If you expect 99.99% uptime, this means four minutes of maximum outage per month. Many VMs, OSs, and applications will take longer than this just to boot up so HA configurations are necessary to achieve higher uptime requirements.

You can achieve the highest possible availability through various networking, application, and redundant server techniques, such as the following:

Secondary systems (e.g., physical or VMs) running in parallel to the primary systems—these redundant servers are fully booted and running all applications—ready to assume the role of the primary server if it were to fail. The failover from primary to secondary is instantaneous, and causes no outages nor does it have an impact on the customer.

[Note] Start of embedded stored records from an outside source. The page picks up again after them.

Lemma private_uniq t t' w : t \in I -> private t w -> private t' w -> t = t'.
Proof.
move=> It /privateP [_ _ nwt _] /privateP [_ _ _ adj]; apply/eqP/negPn/negP => tt'.
by move: nwt; rewrite adj.
Qed.

Lemma critical_pair_private a w t : a \in I -> t \in I -> critical_pair a w t -> private t w.
Proof.
move=> Ia It [_ Vw eaw _ wt _ nwt dom].
have Iw : w \notin I by apply: contraL eaw; apply: I_indep.
apply/and4P; split=> //; apply/forall_inP => i Ii; apply/implyP => it.
case/or4P: (dom i (indep_V Ii) it) => [/eqP->|/eqP iw|eai|//]; first by rewrite e_sym.
- by move: Ii; rewrite iw (negbTE Iw).
- by move: eai; rewrite (negbTE (I_indep Ia Ii)).
Qed.

Lemma critical_pair_private_adj t t' w x : t \in I -> t' \in I ->
  critical_pair t w t' -> private t x -> e w x.
Proof.
move=> It It' cp /privateP [Vx Ix nxt _].
apply: (critical_pair_adj cp Vx); last by rewrite e_sym.
- by apply: contraNneq Ix => ->.
- by apply: contraNneq Ix => ->.
Qed.

Lemma indep_arc a t : a \in I -> t \in I -> a != t ->
  (exists w, critical_pair a w t) \/ (exists w, critical_pair t w a).
Proof.
move=> Ia It a_t; have [c] : exists c, c \in I :\ a :\ t.
  apply/set0Pn; rewrite -card_gt0.
  move: I_gt2; rewrite (cardsD1 a I) Ia (cardsD1 t (I :\ a)); case: (t \in I :\ a) => /=; lia.
rewrite !in_setD1 => /and3P [ct ca Ic].
case: (edge_pairs (indep_V Ia) (indep_V It) a_t (I_indep Ia It)) => [dom|//].
move: (dom c (indep_V Ic)).
by rewrite (negbTE ca) (negbTE ct) (negbTE (I_indep Ia Ic)) (negbTE (I_indep It Ic)).
Qed.

Lemma unique_arc_adj a0 t x n : a0 \in I -> t \in I -> a0 != t ->
  (forall u, ~ critical_pair t u a0) -> (forall u, critical_pair a0 u t -> u = x) ->
  n \in V -> n \notin I -> ~~ e a0 n -> e x n.
Proof.
move=> Ia0 It a0t no_arc x_arc Vn In a0n.
case: (indep_arc Ia0 It a0t) => [[u cp]|[u /no_arc //]].
have ux := x_arc u cp; rewrite ux in cp; apply: (critical_pair_adj cp Vn) => //.
- by apply: contraNneq In => ->.
- by apply: contraNneq In => ->.
Qed.

Definition owners (A X : {set T}) : {set T} := [set t in A | [exists x in X, private t x]].

Lemma ownersP (A X : {set T}) t :
  reflect (t \in A /\ exists2 x, x \in X & private t x) (t \in owners A X).
Proof. by rewrite inE; apply: (iffP andP) => [[At /exists_inP]|[At /exists_inP]]. Qed.

Section Owners.
Variables A X : {set T}.
Hypothesis A_I : A \subset I.
Hypothesis A_closed : forall a t u, a \in A -> t \in A -> critical_pair a u t -> u \in X.

Let owners_cover t : t \in owners A X -> exists2 x, x \in X & private t x.
Proof. by case/ownersP. Qed.

Let owners_inj t t' x : t \in owners A X -> t' \in owners A X ->
  private t x -> private t' x -> t = t'.
Proof. by case/ownersP => /(subsetP A_I) It _ _; apply: private_uniq. Qed.

Lemma owners_card : #|owners A X| <= #|X|.
Proof. exact: matching_card owners_cover owners_inj. Qed.

Lemma owners_almost_all : #|A| <= #|owners A X| + 1.
Proof.
have sub : owners A X \subset A by apply/subsetP => t /ownersP [].
rewrite -(setIidPr sub) -(cardsID (owners A X) A) leq_add2l.
apply/card_le1_eqP => a a'; rewrite !inE => /andP [naX Aa] /andP [na'X Aa'].
case: (eqVneq a a') => // aa'; exfalso.
have [Ia Ia'] := (subsetP A_I a Aa, subsetP A_I a' Aa').
case: (indep_arc Ia Ia' aa') => [[u cp]|[u cp]].
- apply: (negP na'X); rewrite Aa'; apply/exists_inP; exists u.
    exact: A_closed cp.
  exact: critical_pair_private cp.
- apply: (negP naX); rewrite Aa; apply/exists_inP; exists u.
    exact: A_closed cp.
  exact: critical_pair_private cp.
Qed.

Section Tight.
Hypothesis X_tight : #|X| <= #|owners A X|.

Lemma owner_of x : x \in X -> exists2 t, t \in owners A X & private t x.
Proof. exact: matching_onto owners_cover owners_inj X_tight x. Qed.

Lemma owner_private_uniq t x y : t \in owners A X -> x \in X -> y \in X ->
  private t x -> private t y -> x = y.
Proof. exact: matching_uniq owners_cover owners_inj X_tight t x y. Qed.

Lemma owners_clique x y : x \in X -> y \in X -> x != y -> e x y.
Proof.
move=> Xx Xy xy.
have [t Dt tx] := owner_of Xx; have [t' Dt' t'y] := owner_of Xy.
have [At At'] : t \in A /\ t' \in A by case/ownersP: Dt; case/ownersP: Dt'.
have [It It'] := (subsetP A_I t At, subsetP A_I t' At').
have tt' : t != t'.
  by apply: contraNneq xy => eqt; apply/eqP/(owner_private_uniq Dt); rewrite // eqt.
case: (indep_arc It It' tt') => [[u cp]|[u cp]].
- have eu : u = y.
    apply: (owner_private_uniq Dt') => //; first exact: A_closed cp.
    exact: critical_pair_private cp.
  by rewrite e_sym; apply: (critical_pair_private_adj It It' _ tx); rewrite -eu.
- have eu : u = x.
    apply: (owner_private_uniq Dt) => //; first exact: A_closed cp.
    exact: critical_pair_private cp.
  by apply: (critical_pair_private_adj It' It _ t'y); rewrite -eu.
Qed.

Lemma tight_owners_nbhd_contra z : z \in V -> X \subset nbhd z -> owners A X != set0 ->
  (forall n t x, n \in nbhd z -> n \notin X -> t \in owners A X -> private t x -> x \in X ->
     e x n) -> False.
Proof.
move=> Vz X_z /set0Pn [t Dt] outer.
have [x Xx tx] := owners_cover Dt.
have zx : e z x by have := subsetP X_z x Xx; rewrite inE => /andP [].
have [Vx _ _ _] := privateP tx.
have [n [Vn zn nx xn]] := exists_nbr_not_adj Vz Vx (adj_neq zx).
case: (boolP (n \in X)) => Xn.
- by move: xn; rewrite owners_clique // eq_sym.
- by move: xn; rewrite (outer n t x) // inE Vn zn.
Qed.

End Tight.
End Owners.

Lemma nbhd_sub_indep_pair_contra z b a : z \notin I -> nbhd z \subset I -> a \in I ->
  critical_pair b z a -> False.
Proof.
move=> Iz zI Ia [Vb Vz ebz _ _ _ nza dom].
have nbr_I n : e z n -> n \in V -> n \in I by move=> zn Vn; apply: (subsetP zI); rewrite inE Vn zn.
have [n [m [[Vn Vm enm _ mb nnb nmb _] zn]]] : exists n m, critical_pair n m b /\ e z n.
  have [p [q cp]] := vertex_pairs Vb; have [_ _ _ _ _ npb nqb dom'] := cp.
  have zb : z != b by rewrite eq_sym adj_neq.
  case/or4P: (dom' z Vz zb) => [/eqP zp|/eqP zq|epz|eqz].
  - by move: npb; rewrite -zp e_sym ebz.
  - by move: nqb; rewrite -zq e_sym ebz.
  - by exists p, q; rewrite e_sym.
  - by exists q, p; split; [exact: critical_pair_sym | rewrite e_sym].
have In := nbr_I n zn Vn.
have Im : m \notin I by apply: contraL enm; apply: I_indep.
have ma : m != a by apply: contraNneq Im => ->.
case/or4P: (dom m Vm ma) => [/eqP mb'|/eqP mz|ebm|ezm].
- by move: mb; rewrite mb' eqxx.
- by move: nmb; rewrite mz e_sym ebz.
- by move: nmb; rewrite e_sym ebm.
- by move: Im; rewrite nbr_I.
Qed.

Lemma nbhd_sub_indep_contra z a : z \in V -> z \notin I -> nbhd z \subset I ->
  a \in I -> ~~ e z a -> False.
Proof.
move=> Vz Iz zI Ia nza.
have za : z != a by apply: contraNneq Iz => ->.
have [b [Vb zb ba _]] := exists_nbr_not_adj Vz (indep_V Ia) za.
have Ib : b \in I by apply: (subsetP zI); rewrite inE Vb zb.
case: (indep_arc Ib Ia ba) => [[w cp]|[w cp]].
- have [Vw Iw _ adj] := privateP (critical_pair_private Ib Ia cp).
  case: (eqVneq w z) => [ewz|wz]; first by subst w; apply: (nbhd_sub_indep_pair_contra Iz zI Ia cp).
  have zw : z != w by rewrite eq_sym.
  have [n [Vn zn _ wn]] := exists_nbr_not_adj Vz Vw zw.
  have In : n \in I by apply: (subsetP zI); rewrite inE Vn zn.
  have na : n != a by apply: contraNneq nza => <-.
  by move: wn; rewrite adj.
- have [Vw Iw _ _] := privateP (critical_pair_private Ia Ib cp).
  have ewz : e w z by apply: (critical_pair_adj cp Vz za (adj_neq zb)); rewrite e_sym.
  by move: Iw; rewrite (subsetP zI) // inE Vw e_sym.
Qed.

Lemma indep_le_deg_out z : z \in V -> z \notin I -> #|I| <= #|nbhd z|.
Proof.
move=> Vz Iz; set A := I :\: nbhd z; set X := nbhd z :\: I.
have A_I : A \subset I by apply: subsetDl.
have A_closed a t u : a \in A -> t \in A -> critical_pair a u t -> u \in X.
  rewrite /A /X !in_setD => /andP [za Ia] /andP [zt It] cp.
  have [Vu Iu _ _] := privateP (critical_pair_private Ia It cp).
  have neq_z x : x \in I -> z != x by move=> Ix; apply: contraNneq Iz => ->.
  rewrite Iu inE Vu e_sym /=; apply: (critical_pair_adj cp) => //; rewrite ?neq_z //.
  by rewrite e_sym; move: za; rewrite inE (indep_V Ia).
rewrite -(cardsID (nbhd z) I) -(cardsID I (nbhd z)) setIC leq_add2l -/A -/X.
rewrite leqNgt; apply/negP => XA.
have owned := owners_almost_all A_I A_closed.
have own_X : #|owners A X| <= #|X| by apply: owners_card.
have X_tight : #|X| <= #|owners A X| by lia.
have nzA a : a \in A -> ~~ e z a.
  by rewrite /A in_setD inE => /andP [nza /indep_V Va]; rewrite Va in nza.
case: (eqVneq (owners A X) set0) => [no_owner|some_owner].
- have [a Aa] : exists a, a \in A by apply/set0Pn; rewrite -card_gt0; lia.
  apply: (nbhd_sub_indep_contra Vz Iz _ (subsetP A_I a Aa) (nzA a Aa)).
  have X0 : X = set0.
    by apply/eqP; rewrite -cards_eq0 -leqn0 (leq_trans X_tight) // no_owner cards0.
  apply/subsetP => n zn; apply/negPn/negP => In.
  by have := in_set0 n; rewrite -X0 in_setD zn In.
- apply: (tight_owners_nbhd_contra A_I A_closed X_tight Vz (subsetDl _ _) some_owner).
  move=> n t x zn Xn /ownersP [At _] tx Xx.
  have In : n \in I by move: Xn; rewrite in_setD zn andbT negbK.
  have [_ _ _ adj] := privateP tx; apply: adj => //.
  by apply: contraNneq (nzA t At) => <-; move: zn; rewrite inE => /andP [].
Qed.

Lemma private_nbhd z t u : z \in I -> t != z -> private t u -> u \in nbhd z.
Proof.
by move=> Iz tz /privateP [Vu _ _ adj]; rewrite inE Vu e_sym adj // eq_sym.
Qed.

Lemma indep_deg_in_owners_contra z a0 : z \in I -> a0 \in I :\ z ->
  a0 \notin owners (I :\ z) (nbhd z) -> #|nbhd z| <= #|I :\ z| -> False.
Proof.
set A := I :\ z; set X := nbhd z => Iz Aa0 a0_free small.
have A_I : A \subset I by apply: subsetDl.
have [a0z Ia0] := setD1P Aa0.
have a0_priv u : ~~ private a0 u.
  apply/negP => a0u; case/negP: a0_free; apply/ownersP; split=> //; exists u => //.
  exact: private_nbhd Iz a0z a0u.
have Vz := indep_V Iz.
have za0 : z != a0 by rewrite eq_sym.
have [n0 [Vn0 zn0 _ a0n0]] := exists_nbr_not_adj Vz (indep_V Ia0) za0.
have Xn0 : n0 \in X by rewrite inE Vn0 zn0.
have In0 : n0 \notin I by apply: contraL zn0; apply: I_indep.
set X0 := X :\ n0.
have X0_private t u : t \in A -> private t u -> u \in X0.
  move=> At tu; have [tz It] := setD1P At.
  have a0t : a0 != t by apply: contraNneq (a0_priv u) => ->.
  rewrite in_setD1 (private_nbhd Iz tz tu) andbT.
  have [_ _ _ adj] := privateP tu.
  by apply: contraTneq (adj a0 Ia0 a0t) => ->; rewrite e_sym.
have closed0 a t u : a \in A -> t \in A -> critical_pair a u t -> u \in X0.
  move=> Aa At cp; apply: (X0_private t) => //.
  exact: critical_pair_private (subsetP A_I a Aa) (subsetP A_I t At) cp.
have owned := owners_almost_all A_I closed0.
have X0_card : #|X| = #|X0| + 1 by rewrite (cardsD1 n0 X) Xn0 addnC.
have A_card : #|I| = #|A| + 1 by rewrite (cardsD1 z I) Iz addnC.
have X0_tight : #|X0| <= #|owners A X0| by clear -small owned X0_card A_card; lia.
have some_owner : owners A X0 != set0.
  by rewrite -card_gt0; clear -I_gt2 small owned X0_card A_card; lia.
apply: (tight_owners_nbhd_contra A_I closed0 X0_tight Vz (subsetDl _ _) some_owner).
move=> n t x zn X0n Dt tx X0x.
have -> : n = n0 by apply/eqP; move: X0n; rewrite in_setD1 zn andbT negbK.
have /ownersP [At _] := Dt; have It := subsetP A_I t At.
apply: (unique_arc_adj Ia0 It _ _ _ Vn0 In0 a0n0).
- by apply: contraNneq (a0_priv x) => ->.
- by move=> u /(critical_pair_private It Ia0); apply/negP.
move=> u cp; apply: (owner_private_uniq A_I X0_tight Dt _ X0x _ tx).
- exact: closed0 Aa0 At cp.
- exact: critical_pair_private Ia0 It cp.
Qed.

Using network load balancers in front of servers or applications. The load balancer will send users or traffic to multiple servers to maximize performance by splitting the workload across all available servers. The servers that are fed by the load balancer might be a series of frontend web or application servers. More advanced load-balancing systems can even sense slow performance of their downstream servers and rebalance traffic to other servers to maintain a performance SLA (not just an availability SLA).

Deploy clustered servers that both share storage and applications, but can take over for one another if one fails. These servers are aware of each other’s status, often sending a heartbeat or “are you OK?” traffic to each other to ensure everything is online.

Applications specifically designed for the cloud normally have resiliency built in. This means that the applications are deployed using multiple replicas or instances across multiple servers or VMs; the application continues to service end users even if one or more servers fail.

The below figure is an example of an HA scenario. In this example, a VM has failed and secondary VMs are running and ready to immediately take over operations. This configuration has two redundant servers—one in the same datacenter on a separate server blade and another in the secondary datacenter. Failing-over to a server within the same datacenter is ideal and the least likely to impact customers. The redundant servers in the secondary datacenter can take over primary operations should multiple servers or the entire primary datacenter experience an outage.